Additional $ 600 unemployment benefits will end before July 31

For the tens of millions of Americans receiving unemployment benefits, the additional $ 600 increase will be exhausted sooner than expected.

The weekly payments of $ 600 from the federal pandemic unemployment compensation program were implemented as part of the $ 2.2 billion CARES Act Congress approved in late March. Americans who are eligible for unemployment insurance receive an additional $ 600 in addition to what they normally claim under their state benefits. However, this push is slated to end “on or before July 31, 2020.”

July 31 falls on a Friday this year, which is a problem because states generally pay unemployment benefits on a weekly cycle that ends on Saturday or Sunday. And due to the wording of the CARES Act, that means states will end additional payments of $ 600 on July 25 or 26, rather than the last day of the month, depending on how the state’s weekly calendar is set up.

“If the benefit week ends after the July 31 limit, then the $ 600 cannot be applied to that week, and most benefit weeks end on Saturday or Sunday,” according to Michele Evermore, senior policy analyst. for the National Employment Law Project. Evermore adds that it has been unable to confirm any status that ends its weekly benefit cycle on a Friday.

According to the Department of Labor, there are approximately 33 million Americans who are still receiving unemployment benefits or waiting to be approved. So, once the additional payments of $ 600 are finished, unemployed Americans will be left with whatever unemployment compensation their state pays, the amounts of which can vary dramatically by state. Last year, the Labor Department reported that unemployment benefits replaced about 45% of a worker’s salary nationwide.

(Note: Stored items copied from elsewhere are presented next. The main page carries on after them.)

(* For every integer $N>0$, \[\mathcal{F}_{(1)}(w_1,\dots,w_N)=\alpha^{N-1}\sum_{k=1}^N\frac{(1-q)^2w_k}{(1-w_k)(1-qw_k)}.\]
   Context: $q>0$, $q\ne1$, $\alpha\ge0$. $\mathcal{B}_N$ is the group of signed permutations of $\{1,\dots,N\}$ acting by $\sigma(f(w_1,\dots,w_N))=f(w_{\sigma(1)},\dots,w_{\sigma(N)})$ with $w_{-k}:=1/(qw_k)$. With $V_k=\frac{q^{\binom{k}{2}}(1-q)^k}{\prod_{i=1}^k(1-q^i)(1+q^{i-1})}$ and $\varphi_1(w)=\frac{1-q-\alpha+\alpha w}{1-qw^2}\frac{(1-q)w}{1-w}$, the function indexed by the one-particle configuration $(1)$ is \[\mathcal{F}_{(1)}(w_1,\dots,w_N)=V_{N-1}\alpha^{N-1}\sum_{\sigma\in\mathcal{B}_N}\sigma\!\left(\prod_{1\le i<j\le N}\left[\frac{w_i-qw_j}{w_i-w_j}\frac{1-w_iw_j}{1-qw_iw_j}\right]\varphi_1(w_1)\right).\] *)

From HB Require Import structures.
From mathcomp Require Import all_boot all_order all_algebra all_fingroup.
Set Implicit Arguments. Unset Strict Implicit. Unset Printing Implicit Defensive.
Import Order.TTheory GRing.Theory Num.Theory.
Local Open Scope ring_scope.

(* A signed permutation sigma of {1..N} is encoded by a pair (s, e) with
   s : 'S_N and e : {ffun 'I_N -> bool}:  sigma(i) = - s(i) if e i, else s(i).
   This is a bijection between 'S_N * {ffun 'I_N -> bool} and B_N.
   The action sigma(f)(w) = f(w_{sigma(1)},...,w_{sigma(N)}) with
   w_{-k} = 1/(q w_k) evaluates f at the point [sperm_apply q s e w]. *)
Definition sperm_apply (R : fieldType) (N : nat) (q : R) (s : 'S_N)
  (e : {ffun 'I_N -> bool}) (w : 'I_N -> R) : 'I_N -> R :=
  fun i => if e i then (q * w (s i))^-1 else w (s i).

Definition pair_factor (R : fieldType) (q a b : R) : R :=
  (a - q * b) / (a - b) * ((1 - a * b) / (1 - q * a * b)).

Definition phi1 (R : fieldType) (q alpha x : R) : R :=
  (1 - q - alpha + alpha * x) / (1 - q * x ^+ 2) * ((1 - q) * x / (1 - x)).

Definition Vk (R : fieldType) (q : R) (k : nat) : R :=
  q ^+ 'C(k, 2) * (1 - q) ^+ k /
  \prod_(1 <= i < k.+1) ((1 - q ^+ i) * (1 + q ^+ (i - 1))).

(* the function inside sigma(...), evaluated at x; i0 is the first index *)
Definition F1_summand (R : fieldType) (N : nat) (q alpha : R) (i0 : 'I_N)
  (x : 'I_N -> R) : R :=
  (\prod_(i < N) \prod_(j < N | (i < j)%N) pair_factor q (x i) (x j))
  * phi1 q alpha (x i0).

Definition F1 (R : fieldType) (N : nat) (q alpha : R) (i0 : 'I_N)
  (w : 'I_N -> R) : R :=
  Vk q (N - 1) * alpha ^+ (N - 1) *
  \sum_(s : 'S_N) \sum_(e : {ffun 'I_N -> bool})
     F1_summand q alpha i0 (sperm_apply q s e w).

(* Genericity of the point w: every denominator occurring in either side
   (for every signed permutation) is nonzero. *)
Definition generic_point (R : fieldType) (N : nat) (q : R) (w : 'I_N -> R) : Prop :=
  (forall k, w k != 0 /\ 1 - w k != 0 /\ 1 - q * w k != 0) /\
  (forall (s : 'S_N) (e : {ffun 'I_N -> bool}),
     let x := sperm_apply q s e w in
     (forall i j, i != j -> x i - x j != 0 /\ 1 - q * x i * x j != 0) /\
     (forall i, 1 - x i != 0 /\ 1 - q * x i ^+ 2 != 0)).

(* Write E_a(t) = (t - q a)(1 - a t) and D_a(t) = (t - a)(1 - q a t), so that the pair
   factor is E_{w_j}(t) / D_{w_j}(t); the roots of D_{w_k} are w_k and w_{-k} = 1/(q w_k).
   Splitting the sum over B_N according to sigma(1) = +-k, and using that the pair factor
   is unchanged by w_j -> 1/(q w_j), the symmetrization of the pair product times
   phi(x_1) becomes sum_{k,+-} phi(y) prod_{j <> k} pair(y, w_j) times the same
   symmetrization Z_{N-1} in the other N - 1 variables, evaluated at y = w_{+-k}.
   Since E_a = D_a mod t^2 - 1, Q = (prod_j E_{w_j} - prod_j D_{w_j}) / (t^2 - 1) is a
   polynomial of degree at most 2N - 2 with Q(y) = (q - 1) w_k prod_{j <> k} E_{w_j}(y) at
   the roots y of D_{w_k}; hence each single sum is a Lagrange interpolation sum over the
   2N roots and one extra node, equal to a top coefficient. For phi = 1 (extra node 0)
   this gives Z_N = Z_{N-1} (1 - q^N)(q + q^N) / ((1 - q) q^N), i.e. Z_N = 1 / V_N; for
   phi = phi_1 (extra node 1) the interpolated polynomial has degree 2N - 1 and only its
   value at 1 survives, which yields the right-hand side, alpha dropping out. *)

From HB Require Import structures.
From mathcomp Require Import all_boot all_order all_algebra all_fingroup.
From mathcomp Require Import ring zify.
Import Order.TTheory GRing.Theory Num.Theory.
Local Open Scope ring_scope.

Set Implicit Arguments. Unset Strict Implicit. Unset Printing Implicit Defensive.

Lemma lagrange_top_coef (F : fieldType) (I : finType) (x : I -> F) (p : {poly F}) :
  injective x -> (size p <= #|I|)%N ->
  \sum_i p.[x i] / \prod_(j | j != i) (x i - x j) = p`_(#|I|.-1).
Proof.
move=> x_inj size_p.
pose l i := \prod_(j | j != i) ('X - (x j)%:P).
have size_l i : size (l i) = #|I|.
  rewrite /l -big_filter size_prod_XsubC size_filter -sum1_count sum1_card.
  by rewrite cardC1; case: #|I| (max_card (pred1 i)) => //; rewrite card1.
have l_x i j : (l i).[x j] = (j == i)%:R * \prod_(k | k != i) (x i - x k).
  rewrite /l horner_prod; have [->|ji] := eqVneq j i.
    by rewrite mul1r; apply: eq_bigr => k _; rewrite hornerXsubC.
  by rewrite mul0r (bigD1 j) //= hornerXsubC subrr mul0r.
have l_nz i : \prod_(j | j != i) (x i - x j) != 0.
  by apply/prodf_neq0 => j ji; rewrite subr_eq0 (inj_eq x_inj) eq_sym.
pose L := \sum_i (p.[x i] / \prod_(j | j != i) (x i - x j)) *: l i.
have L_p : L = p.
  apply/eqP; rewrite -subr_eq0; apply/eqP.
  apply: (@roots_geq_poly_eq0 _ _ [seq x i | i <- enum I]).
  - apply/allP => _ /mapP [i _ ->]; rewrite /root hornerD hornerN horner_sum.
    rewrite (bigD1 i) //= [\sum_(j | j != i) _]big1 => [|j ji]; last first.
      by rewrite hornerZ l_x eq_sym (negbTE ji) mul0r mulr0.
    by rewrite hornerZ l_x eqxx mul1r divfK // addr0 subrr.
  - by rewrite map_inj_uniq ?enum_uniq.
  rewrite size_map -cardE; apply: leq_trans (size_polyD _ _) _.
  rewrite size_polyN geq_max size_p andbT; apply: leq_trans (size_sum _ _ _) _.
  by apply/bigmax_leqP => i _; rewrite (leq_trans (size_scale_leq _ _)) ?size_l.
rewrite -[in RHS]L_p coef_sum; apply: eq_bigr => i _.
by rewrite coefZ -(size_l i) -lead_coefE (monicP (monic_prod_XsubC _ _ _)) mulr1.
Qed.

Section BigOps.

Variables (R : Type) (idx : R) (op : Monoid.com_law idx).

Lemma big_option (T : finType) (P : pred (option T)) (F : option T -> R) :
  \big[op/idx]_(o | P o) F o =
  op (if P None then F None else idx) (\big[op/idx]_(x | P (Some x)) F (Some x)).
Proof.
rewrite big_mkcond (bigD1 None) //=; congr (op _ _).
rewrite (reindex_omap Some id) => [|[x|] //] /=.
by rewrite [RHS]big_mkcond; apply: eq_bigl => x; rewrite eqxx.
Qed.

Lemma reindex_inj_card (I J : finType) (f : J -> I) (F : I -> R) :
  injective f -> (#|I| <= #|J|)%N ->
  \big[op/idx]_i F i = \big[op/idx]_j F (f j).
Proof. by move=> f_inj le_IJ; apply: reindex; apply/onW_bij/inj_card_bij. Qed.

Lemma big_perm_lift0 n (F : 'S_n.+1 -> R) :
  \big[op/idx]_s F s = \big[op/idx]_k \big[op/idx]_(s : 'S_n) F (lift_perm ord0 k s).
Proof.
rewrite pair_big (reindex_inj_card _ (f := fun p => lift_perm ord0 p.1 p.2)) //=.
  move=> [k s] [k' s'] /= eq_ks; have eq_k := congr1 (fun t : 'S_n.+1 => t ord0) eq_ks.
  rewrite /= !lift_perm_id in eq_k; rewrite -eq_k in eq_ks *; congr (_, _).
  apply/permP => j; apply: (@lift_inj _ k).
  by rewrite -!(lift_perm_lift ord0) eq_ks.
by rewrite card_prod card_ord !card_Sn factS.
Qed.

Definition ffun_cons0 n (T : finType) (b : T) (e : {ffun 'I_n -> T}) : {ffun 'I_n.+1 -> T} :=
  [ffun i => if unlift ord0 i is Some j then e j else b].
Lemma row_word_tableau_of_word : row_word T = w.
Proof.
have [all_w _ _] := ballot_Some ballot_w.
apply: (@eq_from_nth _ 0); first by rewrite size_row_word size_w.
move=> i; rewrite size_row_word => lt_i; rewrite nth_row_word //.
set r := nth 0 w i; set c := index i (positions r w).
have lt_r3 : r < 3 by apply: (allP all_w); apply: mem_nth; rewrite size_w.
have i_in : i \in positions r w by rewrite mem_positions size_w lt_i eqxx.
have lt_c : c < nth 0 (shape3 n j k) r by rewrite -npositions_shape3 // /c index_mem.
have le_kn := leq_trans le_kj le_jn.
have le_row := row_length_le le_jn le_kn lt_r3.
have Dc := in_diagram_cell le_jn le_kn lt_r3 lt_c.
have := tableau_of_wordE Dc; rewrite cell1 // cell2; last lia.
by rewrite nth_index // => <-; rewrite row_of_entry ?tableau_of_word_SYT // cell1.
Qed.

End WordToTableau.

Section TableauGeneratingFunction.
Local Open Scope ring_scope.

Lemma f_poly_fword n j k : (k <= j)%N -> (j <= n.+1)%N ->
  f_poly (shape3 n j k) (j + k) = fword n.+1 j k.
Proof.
move=> le_kj le_jn; have le_kn : (k <= n.+1)%N by lia.
have size_shape : size_of (shape3 n j k) = (n.+1 + j + k)%N by rewrite /size_of /= addn0 addnA.
rewrite /f_poly /fword -size_shape.
transitivity (\sum_(T : filling (shape3 n j k) | is_SYT T && tight_word n.+1 j k (row_word T))
                 'X^(wmaj (row_word T)) : {poly int}).
  apply: eq_big => [T|T _]; last by rewrite /maj descents_row_word.
  case SYT_T: (is_SYT T) => //=.
  by rewrite /tight_word ballot_row_word // eqxx /des descents_row_word.
apply: (@big_reindex_seq _ _ _ _ _ _ (@row_word _) _ _ (fun w => 'X^(wmaj w))).
- exact: uniq_words3.
- by move=> T1 T2 /andP [SYT1 _] /andP [SYT2 _]; apply: row_word_inj.
- move=> T /andP [SYT_T tight_T].
  by rewrite mem_words3 size_row_word eqxx row_word_lt3 tight_T.
- move=> w; rewrite mem_words3 => /andP [/eqP size_w _] tight_w.
  have ballot_w : ballot w = Some (n.+1, j, k) by case/andP: tight_w => /eqP.
  exists (tableau_of_word n j k w); last exact: row_word_tableau_of_word.
  by rewrite tableau_of_word_SYT // row_word_tableau_of_word.
Qed.
(* Let $G$ be a discrete group, let $X$ and $Y$ be minimal $G$-flows with $Y$ essentially free, and let $\pi\colon X\to Y$ be a continuous surjective $G$-equivariant map. If $Y$ has the separated covering property, then so does $X$.
   Context: A $G$-flow is a compact Hausdorff space with an action of $G$ by homeomorphisms; it is minimal if every orbit is dense, and essentially free if for every $g\in G\setminus\{e\}$ the set $\{x: g\cdot x=x\}$ has empty interior. For finite $D\subseteq G$, a set $S\subseteq G$ is $D$-separated if $Dg\cap Dh=\emptyset$ for all distinct $g,h\in S$. A minimal $G$-flow $X$ has the separated covering property if for every finite $D\subseteq G$ and every non-empty open $U\subseteq X$ there exists a $D$-separated $S\subseteq G$ with $S^{-1}U=X$. *)

From Stdlib Require Import List Classical.
Import ListNotations.
Set Implicit Arguments.
Unset Strict Implicit.

Record Group := {
  gcar :> Type;
  gmul : gcar -> gcar -> gcar;
  gone : gcar;
  ginv : gcar -> gcar;
  gmul_assoc : forall a b c, gmul a (gmul b c) = gmul (gmul a b) c;
  gmul_1l : forall a, gmul gone a = a;
  gmul_1r : forall a, gmul a gone = a;
  gmul_Vl : forall a, gmul (ginv a) a = gone;
  gmul_Vr : forall a, gmul a (ginv a) = gone
}.

Record TopSpace := {
  tcar :> Type;
  is_open : (tcar -> Prop) -> Prop;
  open_full : is_open (fun _ => True);
  open_empty : is_open (fun _ => False);
  open_union : forall (I : Type) (U : I -> tcar -> Prop),
      (forall i, is_open (U i)) -> is_open (fun x => exists i, U i x);
  open_inter : forall U V, is_open U -> is_open V -> is_open (fun x => U x /\ V x);
  open_ext : forall U V, (forall x, U x <-> V x) -> is_open U -> is_open V
}.

Arguments is_open {t} _.
Arguments gmul {g} _ _.
Arguments gone {g}.
Arguments ginv {g} _.

Definition continuous (X Y : TopSpace) (f : X -> Y) : Prop :=
  forall V : Y -> Prop, is_open V -> is_open (fun x => V (f x)).

Definition compact (X : TopSpace) : Prop :=
  forall (I : Type) (U : I -> X -> Prop),
    (forall i, is_open (U i)) -> (forall x, exists i, U i x) ->
    exists l : list I, forall x, exists i, In i l /\ U i x.

Definition hausdorff (X : TopSpace) : Prop :=
  forall x y : X, x <> y ->
    exists U V : X -> Prop, is_open U /\ is_open V /\ U x /\ V y /\
      (forall z, ~ (U z /\ V z)).

(** * G-flows: compact Hausdorff spaces with an action of G by homeomorphisms
    (each [act g] is continuous, with continuous inverse [act (ginv g)]). *)
Record Flow (G : Group) := {
  fsp :> TopSpace;
  act : G -> fsp -> fsp;
  act_one : forall x, act (gone) x = x;
  act_mul : forall (g h : G) x, act (gmul g h) x = act g (act h x);
  act_cont : forall g : G, continuous (act g);
  f_compact : compact fsp;
  f_hausdorff : hausdorff fsp
}.

Arguments act {G} f _ _.

Definition minimal (G : Group) (X : Flow G) : Prop :=
  forall (x : X) (U : X -> Prop), is_open U -> (exists y, U y) ->
    exists g : G, U (act X g x).

Definition essentially_free (G : Group) (X : Flow G) : Prop :=
  forall g : G, g <> gone ->
    forall U : X -> Prop, is_open U -> (forall x, U x -> act X g x = x) ->
      forall x, ~ U x.

Definition equivariant (G : Group) (X Y : Flow G) (f : X -> Y) : Prop :=
  forall (g : G) (x : X), f (act X g x) = act Y g (f x).

(** A finite D ⊆ G is given by a list.  S ⊆ G is D-separated if
    Dg ∩ Dh = ∅ for distinct g, h ∈ S. *)
Definition separated (G : Group) (D : list G) (S : G -> Prop) : Prop :=
  forall g h : G, S g -> S h -> g <> h ->
    forall d1 d2 : G, In d1 D -> In d2 D -> gmul d1 g <> gmul d2 h.

(** S^{-1} U = X, i.e. every x lies in s^{-1} U for some s ∈ S. *)
Definition covers (G : Group) (X : Flow G) (S : G -> Prop) (U : X -> Prop) : Prop :=
  forall x : X, exists s : G, S s /\ U (act X s x).

Definition separated_covering (G : Group) (X : Flow G) : Prop :=
  forall (D : list G) (U : X -> Prop), is_open U -> (exists y, U y) ->
    exists S : G -> Prop, separated D S /\ covers S U.

(* Using essential freeness of Y (pulled back to open subsets of X through
   minimality of X) and Hausdorffness, find an open W ⊆ Y meeting π(U) with
   W ∩ gW = ∅ for every nontrivial g = d2⁻¹d1, d1, d2 ∈ D.  Minimality of X gives
   a finite F with F⁻¹(U ∩ π⁻¹W) = X.  Choose y1 for which {f ∈ F | f y1 ∈ W} is
   maximal; it then contains {f ∈ F | f y ∈ W} for every y in a neighbourhood V
   of y1.  A (D F)-separated S' with S'⁻¹V = Y lifts to
   S = {f s | s ∈ S', f ∈ F, f y1 ∈ W}, which covers U and is D-separated since
   d1 f1 = d2 f2 with f1 y1, f2 y1 ∈ W forces f1 = f2. *)
From Stdlib Require Import List Classical.
From Stdlib Require Import ClassicalEpsilon Lia.
Import ListNotations.
Set Implicit Arguments.
Unset Strict Implicit.

Lemma bounded_nat_attains_max (B : Type) (m : B -> nat) (N : nat) (b0 : B) :
  (forall b, m b <= N) -> exists b1, forall b, m b <= m b1.
Proof.
  intro bounded.
  assert (climb : forall k b, N - m b <= k -> exists b1, forall b', m b' <= m b1).
  { induction k as [|k IH]; intros b Hb.
    - exists b. intro b'. specialize (bounded b'). lia.
    - destruct (classic (forall b', m b' <= m b)) as [maxb|notmax]; [now exists b|].
      apply not_all_ex_not in notmax as [b' Hb'].
      apply (IH b'). specialize (bounded b). lia. }
  exact (climb _ b0 (le_n _)).
Qed.

Section MaximalProfile.
Variables (A B : Type) (Q : A -> B -> Prop).

Fixpoint count_sat (l : list A) (b : B) : nat :=
  match l with
  | [] => 0
  | a :: l' => (if excluded_middle_informative (Q a b) then 1 else 0) + count_sat l' b
  end.

Lemma count_sat_le_length l b : count_sat l b <= length l.
Proof.
  induction l; simpl; [lia|]. destruct (excluded_middle_informative _); lia.
Qed.

Lemma count_sat_mono l b1 b :
  (forall a, In a l -> Q a b1 -> Q a b) -> count_sat l b1 <= count_sat l b.
Proof.
  induction l as [|a l IH]; intro sub; simpl; [lia|].
  specialize (IH (fun a' Ha' => sub a' (or_intror Ha'))).
  destruct (excluded_middle_informative (Q a b1)) as [q1|q1];
  destruct (excluded_middle_informative (Q a b)) as [q|q]; try lia.
  exfalso. exact (q (sub a (or_introl eq_refl) q1)).
Qed.

Lemma count_sat_sub_eq l b1 b :
  (forall a, In a l -> Q a b1 -> Q a b) -> count_sat l b <= count_sat l b1 ->
  forall a, In a l -> Q a b -> Q a b1.
Proof.
  induction l as [|a l IH]; intros sub le a' Ha' Qb; [destruct Ha'|]; simpl in le.
  pose proof (count_sat_mono (fun a' Ha' => sub a' (or_intror Ha'))) as mono.
  destruct (excluded_middle_informative (Q a b1)) as [q1|q1];
  destruct (excluded_middle_informative (Q a b)) as [q|q];
    [| exfalso; exact (q (sub a (in_eq a l) q1)) | lia |];
    destruct Ha' as [<-|Ha']; [tauto| |tauto|];
    (apply (IH (fun a' Ha' => sub a' (or_intror Ha'))); [lia|assumption|assumption]).
Qed.

Lemma exists_maximal_profile (l : list A) (b0 : B) : exists b1, forall b,
  (forall a, In a l -> Q a b1 -> Q a b) -> forall a, In a l -> Q a b -> Q a b1.
Proof.
  destruct (bounded_nat_attains_max b0 (fun b => count_sat_le_length l b))
    as [b1 maxb1].
  exists b1. intros b sub. exact (count_sat_sub_eq sub (maxb1 b)).
Qed.
End MaximalProfile.

Section GroupFacts.
Variable G : Group.

Lemma mulKg (a b : G) : gmul (ginv a) (gmul a b) = b.
Proof. now rewrite gmul_assoc, gmul_Vl, gmul_1l. Qed.

Lemma mulKVg (a b : G) : gmul a (gmul (ginv a) b) = b.
Proof. now rewrite gmul_assoc, gmul_Vr, gmul_1l. Qed.

Lemma mulIg (a b c : G) : gmul a c = gmul b c -> a = b.
Proof.
  intro E. rewrite <- (gmul_1r a), <- (gmul_1r b), <- (gmul_Vr c), !gmul_assoc.
  now rewrite E.
Qed.

Lemma conjg_neq1 (g h : G) : g <> gone -> gmul (ginv h) (gmul g h) <> gone.
Proof.
  intros g1 E. apply g1, (mulIg (c := h)).
  now rewrite gmul_1l, <- (mulKVg h (gmul g h)), E, gmul_1r.
Qed.

Definition list_mul (A B : list G) : list G :=
  map (fun p => gmul (fst p) (snd p)) (list_prod A B).

Definition quotients (D : list G) : list G :=
  map (fun p => gmul (ginv (snd p)) (fst p)) (list_prod D D).

Lemma in_list_mul (A B : list G) a b : In a A -> In b B -> In (gmul a b) (list_mul A B).
Proof.
  intros Ha Hb. exact (in_map (fun p => gmul (fst p) (snd p)) _ (a, b) (in_prod _ _ _ _ Ha Hb)).
Qed.

Lemma in_quotients (D : list G) d1 d2 :
  In d1 D -> In d2 D -> In (gmul (ginv d2) d1) (quotients D).
Proof.
  intros H1 H2.
  exact (in_map (fun p => gmul (ginv (snd p)) (fst p)) _ (d1, d2) (in_prod _ _ _ _ H1 H2)).
Qed.
End GroupFacts.

Section Topology.
Variable X : TopSpace.

Lemma open_imply (P : Prop) (U : X -> Prop) : is_open U -> is_open (fun x => P -> U x).
Proof.
  intro openU. destruct (classic P) as [p|np].
  - apply (open_ext (U := U)); [tauto|exact openU].
  - apply (open_ext (U := fun _ => True)); [tauto|apply open_full].
Qed.

Lemma open_forall_in (A : Type) (l : list A) (P : A -> X -> Prop) :
  (forall a, In a l -> is_open (P a)) -> is_open (fun x => forall a, In a l -> P a x).
Proof.
  induction l as [|a l IH]; intro openP.
  - apply (open_ext (U := fun _ => True)); [|apply open_full].
    intro x; split; [intros _ a []|auto].
  - apply (open_ext (U := fun x => P a x /\ forall b, In b l -> P b x)).
    + intro x; split.
      * intros [Pa Pl] b [<-|Hb]; auto.
      * intro H; split; auto using in_eq, in_cons.
    + apply open_inter; auto using in_eq, in_cons.
Qed.

Lemma open_neq (Y : TopSpace) (f g : X -> Y) :
  hausdorff Y -> continuous f -> continuous g -> is_open (fun x => f x <> g x).
Proof.
  intros hausY contf contg.
  set (I := {p : (Y -> Prop) * (Y -> Prop) |
              is_open (fst p) /\ is_open (snd p) /\ forall z, ~ (fst p z /\ snd p z)}).
  apply (open_ext (U := fun x => exists i : I, fst (proj1_sig i) (f x) /\ snd (proj1_sig i) (g x))).
  - intro x; split.
    + intros [[[A B] [openA [openB disjAB]]] fgAB] E. simpl in fgAB, disjAB.
      destruct fgAB as [Afx Bgx]. apply (disjAB (g x)). rewrite <- E at 1. now split.
    + intro fg. destruct (hausY _ _ fg) as (A & B & openA & openB & Afx & Bgx & disjAB).
      now exists (exist _ (A, B) (conj openA (conj openB disjAB))).
  - apply open_union. intros [[A B] [openA [openB disjAB]]]; simpl.
    apply open_inter; [apply contf|apply contg]; assumption.
Qed.
End Topology.

Section Flows.
Variable G : Group.

Lemma actK (X : Flow G) (g : G) (x : X) : act X (ginv g) (act X g x) = x.
Proof. now rewrite <- act_mul, gmul_Vl, act_one. Qed.

Lemma minimal_finite_cover (X : Flow G) (O : X -> Prop) :
  minimal X -> is_open O -> (exists x, O x) ->
  exists H : list G, forall x, exists h, In h H /\ O (act X h x).
Proof.
  intros minX openO neO.
  apply (f_compact (f := X) (U := fun (g : G) x => O (act X g x))).
  - intro g. exact (act_cont g openO).
  - intro x. exact (minX x O openO neO).
Qed.

Lemma essentially_free_nonfixed (Y : Flow G) (g : G) (O : Y -> Prop) :
  essentially_free Y -> g <> gone -> is_open O -> (exists y, O y) ->
  exists y, O y /\ act Y g y <> y.
Proof.
  intros freeY g1 openO [y Oy]. apply NNPP. intro allfixed.
  apply (freeY g g1 O openO) with y; [|exact Oy].
  intros z Oz. apply NNPP. intro moved. apply allfixed. now exists z.
Qed.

In dollar terms, the Brookings Institution estimates that the national average weekly payment was $ 387 before the coronavirus pandemic. Mississippi, for example, paid an average of $ 215 a week, while unemployment benefits peak in Arizona at $ 240 a week, which is the second lowest in the nation. Meanwhile, those in Massachusetts received $ 550 a week, on average.

“It is going to be a real shock for people, especially in states like Arizona, where the maximum benefit is $ 240 per week,” says Evermore. “I doubt anyone can pay the rent in Phoenix for that.”

Ending a $ 600 boost could have a ‘multiplier effect’ on the economy

But not only the unemployed will be affected. “I think most people think that when the $ 600 is cut that if they are not unemployed, it will not affect them. But when 30 million people no longer receive an additional $ 600, that will have a multiplier effect on the whole the economy, “says Evermore.

In fact, in a recent congressional testimony economist, Jason Furman estimated that the additional unemployment benefit of $ 600 will increase GDP by 2.8% and support just under three million jobs.

“Allow this additional benefit of $ 600 in unemployment insurance to expire in late July itself cause more job loss than was seen in any of the recessions of the early 1990s or early 2000s, “writes Josh Bivens, director of research at the Institute for Economic Policy.

Going forward, Bivens predicts extending unemployment benefits of $ 600 by the middle of next year would provide an average quarterly increase in GDP of 3.7% and an employment of 5.1 million workers.

The widespread impact of rising unemployment is likely to push federal lawmakers to extend the benefit, Evermore says. “It went from a ‘yes’ type of question to a ‘how much’ question. I think most people realize that you can’t drop $ 600 on the weekly benefit of 30 million people and that it doesn’t pass nothing, “says Evermore. But that means Congress will have to act in fact since the Senate is not scheduled to return from its recess until July 17.

“There is actually a reasonable chance that that will happen just because the economy really is pretty stable right now. Goofing around too much could be really disastrous,” says Evermore.